Both Wayne Township and the City of Dowagiac have worked for more than a year to expand the latter’s water supply to a number of township households. The two embarked on the project after years of complaints that a number of the township’s well water supplies were contaminated by runoff from the city’s former landfill, located on Nubour Street.

“We’ve had complaints about the wells for more than five years,” Butts said. “Residents have had to dig deeper wells to reach deeper aquifers, but eventually those aquifers became contaminated as well.”

The contamination was the subject of a lawsuit against the City of Dowagiac by Wayne Township residents Jim and Carolyn West last year. The case was settled in November.

In order to fund the project, the township applied for grant money from the U.S. Department of Agriculture’s Rural Development program, receiving $478,000 worth of earmarked funds back in December. While the City of Dowagiac has agreed to pay for 15 percent of the project’s estimated $1 million price tag, the rest of the cost will have to made up in increased property taxes for residents living in the 60 parcels of land the new pipeline will run through, Butts said.

“Not everyone is in favor of it,” he said. “There are some elderly residents who feel they are already paying taxes they can only just afford.”

While affected residents will have the choice of whether or not to hook their homes up to Dowagiac’s water system, all homes will benefit from the placement of new fire hydrants that will come with the expanded lines, Butt said.

“There will also be an increase in home values, due to the fact the homes have a reliable water source,” Butts said.

In addition to fronting part of the bill, the city will also provide maintenance to the new waterlines, and will also provide backup aid to Wayne Township fire crews in the event of any structure fires.

“We’re pleased to be working with the township on this,” said Dowagiac City Manager Kevin Anderson. “Not only will this take the city’s water system out to the Nubour area, but it will also enhance their fire protection.”

If the project proceeds along its estimated timeline, affected Wayne Township residents could be receiving city water in by next winter, Butts said. Officials will hold a second public hearing about the project in early spring, before construction work is slated to begin.

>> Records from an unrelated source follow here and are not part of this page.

(* In the setting of the context, $f(a,b)=\rho(h_{ab})-\rho(h_a)-\rho(h_b)$ for all $a,b\in A$.
   Context: Conventions: $[x,y]=x^{-1}y^{-1}xy$; $G$ acts on $V$ on the right, $[v,g]=-v+vg$; $[X,Y]$ is the subgroup generated by commutators, $[X,Y,Z]=[[X,Y],Z]$; $A^\#=A\setminus\{1\}$. Setting: $G=\langle A,B\rangle$ is an abstract rank one group with unipotent subgroups $A,B$ (distinct nilpotent; for each $a\in A^\#$ some $b(a)\in B^\#$ with $B^a=A^{b(a)}$, and vice versa). $\mu_a=b(a^{-1})ab(a)^{-1}$, $H=\langle\mu_a\mu_c:a,c\in A^\#\rangle$. $V$ is a $\mathbb{Z}G$-module with $[V,A,A,A]=0$, $[V,G,G,G]\neq0$, $[V,G]=V$, $C_V(G)=0$. $A_0=C_A([V,A])\cap C_A(V/C_V(A))\neq1$. Fix $e\in A_0^\#$ (with $e=a^2$ for some $a\in A$ if $V$ has exponent 2 and $A$ is non-abelian), $\mu=\mu_{e^{-1}}$, $h_a=\mu\mu_a$ for $a\in A^\#$, $h_1=0$; $\rho(h)$ = restriction of $h\in H$ to $C_V(A)$, $\rho(h_1)=0$. $f:A\times A\to\mathrm{End}(C_V(A))$ is defined by $vf(a,b)=[v\mu,a,b]$ for $v\in C_V(A)$. *)

(* V is a mathcomp zmodType; the (possibly infinite) group G
   is an explicit record, since MathComp only has finite groups. *)
From mathcomp Require Import all_boot all_algebra.
From Stdlib Require Import ClassicalEpsilon.
Set Implicit Arguments. Unset Strict Implicit. Unset Printing Implicit Defensive.
Import GRing.Theory.
Local Open Scope ring_scope.

Record group := Group {
  gcar :> Type;
  gmul : gcar -> gcar -> gcar;
  ginv : gcar -> gcar;
  gone : gcar;
  gmulA : forall x y z, gmul x (gmul y z) = gmul (gmul x y) z;
  gmul1 : forall x, gmul gone x = x;
  gmulV : forall x, gmul (ginv x) x = gone }.

Section GroupDefs.
Variable G : group.

Definition gcomm (x y : G) : G :=
  gmul (gmul (ginv x) (ginv y)) (gmul x y).

Definition is_subgroup (S : G -> Prop) : Prop :=
  S (gone G) /\ (forall x y, S x -> S y -> S (gmul x y)) /\
  (forall x, S x -> S (ginv x)).
(* Let $c\in\mathsf{ACirc}[n,m]$. Then $[\![c]\!]=\{(p,f(p)):p\in k(x)^n\}$ for some rational affine map $f:k(x)^n\to k(x)^m$ if and only if there exists an affine signal flow graph $g$ of sort $(n,m)$ such that $[\![g]\!]=[\![c]\!]$.
   Context: Fix a field $k$; $k(x)$ is the field of polynomial fractions. Circuits: terms built from generators with sorts $(n,m)$: copier $\Delta:(1,2)$, discard $!:(1,0)$, amplifier $\mathsf{s}_r:(1,1)$ ($r\in k$), register $\mathsf{x}:(1,1)$, adder $+:(2,1)$, zero $0:(0,1)$, one $\mathbf{1}:(0,1)$; mirror images $\Delta^{op}:(2,1)$, $!^{op}:(0,1)$, $\mathsf{s}_r^{op}$, $\mathsf{x}^{op}:(1,1)$, $+^{op}:(1,2)$, $0^{op}:(1,0)$, $\mathbf{1}^{op}:(1,0)$; $\mathrm{id}_0:(0,0),\mathrm{id}_1:(1,1),\mathrm{sw}:(2,2)$; closed under $;$ and $\oplus$; $\mathsf{ACirc}[n,m]$: circuits of sort $(n,m)$. Denotation: $[\![\Delta]\!]=\{(p,(p,p))\}$, $[\![!]\!]=\{(p,\bullet)\}$, $[\![+]\!]=\{((p,q),p+q)\}$, $[\![0]\!]=\{(\bullet,0)\}$, $[\![\mathbf 1]\!]=\{(\bullet,1)\}$, $[\![\mathsf s_r]\!]=\{(p,rp)\}$, $[\![\mathsf x]\!]=\{(p,px)\}$; mirrored generators denote converse relations; structural ones identity, swap, $\{(\bullet,\bullet)\}$; $;$ relational composition, $\oplus$ product. Feedback: for $c:(n+1,m+1)$, $\mathrm{Tr}(c):(n,m)$ connects the last right port of $c$ to its last left port through a register $\mathsf x$, bending the wire with the cup $!^{op};\Delta:(0,2)$ and the cap $\Delta^{op};!:(2,0)$. Affine signal flow graphs: smallest class containing $\Delta,!,\mathsf s_r,\mathsf x,+,0,\mathbf 1,\mathrm{id}_0,\mathrm{id}_1,\mathrm{sw}$ and closed under $;$, $\oplus$, $\mathrm{Tr}$. $\mathsf{Rat}\subseteq k(x)$: fractions $p/q$ with $q$ having nonzero constant term. An affine map $f(p)=Ap+b$ is rational if $A$ and $b$ have all entries in $\mathsf{Rat}$. *)

From HB Require Import structures.
From mathcomp Require Import all_boot all_order all_algebra.
From mathcomp Require Import fraction.
Set Implicit Arguments. Unset Strict Implicit. Unset Printing Implicit Defensive.
Import Order.TTheory GRing.Theory Num.Theory.
Local Open Scope ring_scope.

Notation "x %:F" := (@FracField.tofrac _ x).

Definition kx (k : fieldType) : fieldType := {fraction {poly k}}.

Definition kx_const (k : fieldType) (r : k) : kx k := (r%:P)%:F.
Definition kx_x (k : fieldType) : kx k := ('X : {poly k})%:F.

Definition ratp (k : fieldType) (f : kx k) : Prop :=
  exists p q : {poly k}, q.[0] != 0 /\ f = p%:F / q%:F.

Inductive circ (k : Type) : nat -> nat -> Type :=
| Copy : circ k 1 2
| Disc : circ k 1 0
| Amp : k -> circ k 1 1
| Reg : circ k 1 1
| Add : circ k 2 1
| Zero : circ k 0 1
| One : circ k 0 1
| CopyOp : circ k 2 1
| DiscOp : circ k 0 1
| AmpOp : k -> circ k 1 1
| RegOp : circ k 1 1
| AddOp : circ k 1 2
| ZeroOp : circ k 1 0
| OneOp : circ k 1 0
| Id0 : circ k 0 0
| Id1 : circ k 1 1
| Sw : circ k 2 2
| Seq : forall n m l, circ k n m -> circ k m l -> circ k n l
| Par : forall n1 m1 n2 m2, circ k n1 m1 -> circ k n2 m2 -> circ k (n1 + n2) (m1 + m2).

Arguments Copy {k}. Arguments Disc {k}. Arguments Amp {k}. Arguments Reg {k}.
Arguments Add {k}. Arguments Zero {k}. Arguments One {k}. Arguments CopyOp {k}.
Arguments DiscOp {k}. Arguments AmpOp {k}. Arguments RegOp {k}. Arguments AddOp {k}.
Arguments ZeroOp {k}. Arguments OneOp {k}. Arguments Id0 {k}. Arguments Id1 {k}.
Arguments Sw {k}. Arguments Seq {k n m l}. Arguments Par {k n1 m1 n2 m2}.

Section Gens.
Variable k : fieldType.
Local Notation F := (kx k).
Definition rel_copy (p : 'cV[F]_1) (q : 'cV[F]_2) := q = const_mx (p ord0 ord0).
Definition rel_disc (p : 'cV[F]_1) (q : 'cV[F]_0) := True.
Definition rel_amp (r : k) (p q : 'cV[F]_1) := q = kx_const r *: p.
Definition rel_reg (p q : 'cV[F]_1) := q = kx_x k *: p.
Definition rel_add (p : 'cV[F]_2) (q : 'cV[F]_1) :=
  q = const_mx (p ord0 ord0 + p ord_max ord0).
Definition rel_zero (p : 'cV[F]_0) (q : 'cV[F]_1) := q = 0.
Definition rel_one (p : 'cV[F]_0) (q : 'cV[F]_1) := q = const_mx 1.
Definition rel_sw (p q : 'cV[F]_2) := q = \col_(i < 2) p (rev_ord i) ord0.
End Gens.

Fixpoint sem (k : fieldType) n m (c : circ k n m) : 'cV[kx k]_n -> 'cV[kx k]_m -> Prop :=
  match c in circ _ n m return 'cV[kx k]_n -> 'cV[kx k]_m -> Prop with
  | Copy => @rel_copy k
  | Disc => @rel_disc k
  | Amp r => rel_amp r
  | Reg => @rel_reg k
  | Add => @rel_add k
  | Zero => @rel_zero k
  | One => @rel_one k
  | CopyOp => fun p q => rel_copy q p
  | DiscOp => fun p q => rel_disc q p
  | AmpOp r => fun p q => rel_amp r q p
  | RegOp => fun p q => rel_reg q p
  | AddOp => fun p q => rel_add q p
  | ZeroOp => fun p q => rel_zero q p
  | OneOp => fun p q => rel_one q p
  | Id0 => fun p q => p = q
  | Id1 => fun p q => p = q
  | Sw => @rel_sw k
  | Seq _ _ _ c1 c2 => fun p q => exists y, sem c1 p y /\ sem c2 y q
  | Par _ _ _ _ c1 c2 => fun p q =>
      sem c1 (usubmx p) (usubmx q) /\ sem c2 (dsubmx p) (dsubmx q)
  end.

Definition castc (k : Type) n m n' m' (e1 : n = n') (e2 : m = m') (c : circ k n m)
  : circ k n' m' :=
  match e1 in _ = a, e2 in _ = b return circ k a b with erefl, erefl => c end.

Definition cup {k : Type} : circ k 0 2 := Seq DiscOp Copy.
Definition cap {k : Type} : circ k 2 0 := Seq CopyOp Disc.

Fixpoint idn (k : Type) (n : nat) : circ k n n :=
  match n return circ k n n with
  | 0 => Id0
  | n'.+1 => Par Id1 (idn k n')
  end.

(* Tr(c) = (id_n + cup) ; (c + id_1) ; (id_m + x + id_1) ; (id_m + cap) *)
Definition trace (k : Type) n m (c : circ k (n + 1) (m + 1)) : circ k n m :=
  Seq (castc (addn0 n) (erefl (n + 2)) (Par (idn k n) cup))
  (Seq (castc (esym (addnA n 1 1)) (esym (addnA m 1 1)) (Par c Id1))
  (Seq (Par (idn k m) (Par Reg Id1))
       (castc (erefl (m + 2)) (addn0 m) (Par (idn k m) cap)))).

Inductive asfg (k : Type) : forall n m, circ k n m -> Prop :=
| asfg_copy : asfg Copy
| asfg_disc : asfg Disc
| asfg_amp r : asfg (Amp r)
| asfg_reg : asfg Reg
| asfg_add : asfg Add
| asfg_zero : asfg Zero
| asfg_one : asfg One
| asfg_id0 : asfg Id0
| asfg_id1 : asfg Id1
| asfg_sw : asfg Sw
| asfg_seq n m l (c : circ k n m) (d : circ k m l) :
    asfg c -> asfg d -> asfg (Seq c d)
| asfg_par n1 m1 n2 m2 (c : circ k n1 m1) (d : circ k n2 m2) :
    asfg c -> asfg d -> asfg (Par c d)
| asfg_tr n m (c : circ k (n + 1) (m + 1)) : asfg c -> asfg (trace c).

(* The generators are
   rational affine, [;] and [+] compose and stack rational affine maps, and the
   trace of [(p, y) |-> (q, z)] is solved by the loop equation [z = w + x a z],
   i.e. [z = (1 - x a)^-1 w]; the denominator of [1 - x a] has the same
   constant term as that of [a], so the solution stays in [Rat].
   Conversely, multiplication by a polynomial is built by Horner's scheme from
   copiers, registers, amplifiers and adders, and multiplication by [1 / Q],
   where [Q = Q(0) (1 - x a)], is the trace of a loop whose body multiplies by
   the polynomial [a]. A rational affine map is then assembled column by
   column from such scalings, constants, copiers, adders and swaps. *)

From mathcomp Require Import all_boot all_order all_algebra.
From mathcomp Require Import fraction ring.
Set Implicit Arguments. Unset Strict Implicit. Unset Printing Implicit Defensive.
Import GRing.Theory.
Local Open Scope ring_scope.

Lemma feedbackP {G : fieldType} {x a w z : G} : 1 - x * a != 0 ->
  z = w + x * a * z <-> z = (1 - x * a)^-1 * w.
Proof.
move=> nz; split=> [zE|->]; last by field.
by rewrite -[w](addrK (x * a * z)) -zE; field.
Qed.

Lemma cV1P (R : Type) (u v : 'cV[R]_1) : u = v <-> u 0 0 = v 0 0.
Proof. by split=> [->//|uv]; apply/matrixP => i j; rewrite !ord1. Qed.

Lemma mulmx_cV1 (R : comPzSemiRingType) m (M : 'M[R]_(m, 1)) (v : 'cV[R]_1) :
  M *m v = v 0 0 *: M.
Proof. by rewrite {1}[v]mx11_scalar mul_mx_scalar. Qed.

Lemma col_mx_cV1 (R : Type) (t : 'cV[R]_1) : col_mx t t = const_mx (t 0 0) :> 'cV_2.
Proof. by apply/matrixP => i j; rewrite !mxE; case: split => l; rewrite !ord1. Qed.

Lemma col_mx1A (R : Type) n (u u' : 'cV[R]_1) (w : 'cV[R]_n) :
  col_mx (col_mx u u') w = col_mx u (col_mx u' w) :> 'cV_(1 + (1 + n)).
Proof. by rewrite col_mxA castmx_id. Qed.

Lemma castmx_col_mxA (R : Type) m1 m2 m3 (e : (m1 + (m2 + m3) = m1 + m2 + m3)%N)
    (A1 : 'cV[R]_m1) (A2 : 'cV[R]_m2) (A3 : 'cV[R]_m3) :
  castmx (e, erefl) (col_mx A1 (col_mx A2 A3)) = col_mx (col_mx A1 A2) A3.
Proof. by rewrite col_mxA castmx_comp castmx_id. Qed.

Lemma usubmx_cast_addn0 (R : Type) n (p : 'cV[R]_n) :
  usubmx (castmx (esym (addn0 n), erefl) p : 'cV_(n + 0)) = p.
Proof. by apply/matrixP => i j; rewrite mxE castmxE; congr (p _ _); apply: val_inj. Qed.

Section RationalFractions.
Variable k : fieldType.
Local Notation F := (kx k).
Local Notation x := (kx_x k).
Local Notation ratp := (@ratp k).

Lemma tofrac_horner0_neq0 (Q : {poly k}) : Q.[0] != 0 -> (Q%:F : F) != 0.
Proof. by move=> Q0; rewrite tofrac_eq0; apply: contraNneq Q0 => ->; rewrite horner0. Qed.

Lemma horner0_factor (Q : {poly k}) : Q.[0] != 0 -> exists a, Q = Q.[0] *: (1 - 'X * a).
Proof.
have [Q' [c ->]] : exists Q' c, Q = Q' * 'X + c%:P.
  by elim/poly_ind: Q => [|Q' c _]; [exists 0, 0; rewrite mul0r addr0 | exists Q', c].
rewrite hornerMXaddC mulr0 add0r => c0; exists (- c^-1 *: Q').
rewrite scalerBr -scalerAr scalerA mulrN mulfV // scaleN1r opprK alg_polyC.
by rewrite addrC mulrC.
Qed.

Lemma kx_constV (c : k) : kx_const c^-1 = (kx_const c)^-1.
Proof.
have [->|c0] := eqVneq c 0; first by rewrite invr0 /kx_const tofrac0 invr0.
have cF0 : kx_const c != 0 by rewrite tofrac_eq0 polyC_eq0.
by apply: (mulfI cF0); rewrite mulfV // -tofracM -polyCM mulfV // tofrac1.
Qed.

Lemma ratp_tofrac (P : {poly k}) : ratp P%:F.
Proof. by exists P, 1; rewrite hornerC oner_eq0 tofrac1 divr1. Qed.

Lemma ratp0 : ratp 0.
Proof. by rewrite -tofrac0; apply: ratp_tofrac. Qed.

Lemma ratp1 : ratp 1.
Proof. by rewrite -tofrac1; apply: ratp_tofrac. Qed.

Butts, who has served as the township’s supervisor for 18 years, said he has talked to many of the households affected by the project, and understands the potential controversy surrounding the increased tax rate.

“I’m sure several property owners are opposed to the project, but a majority of the people I’ve spoke to understand why we’re doing this,” Butts said. “Nobody likes higher taxes, but I think they understand we’re doing this for their safety and well being.”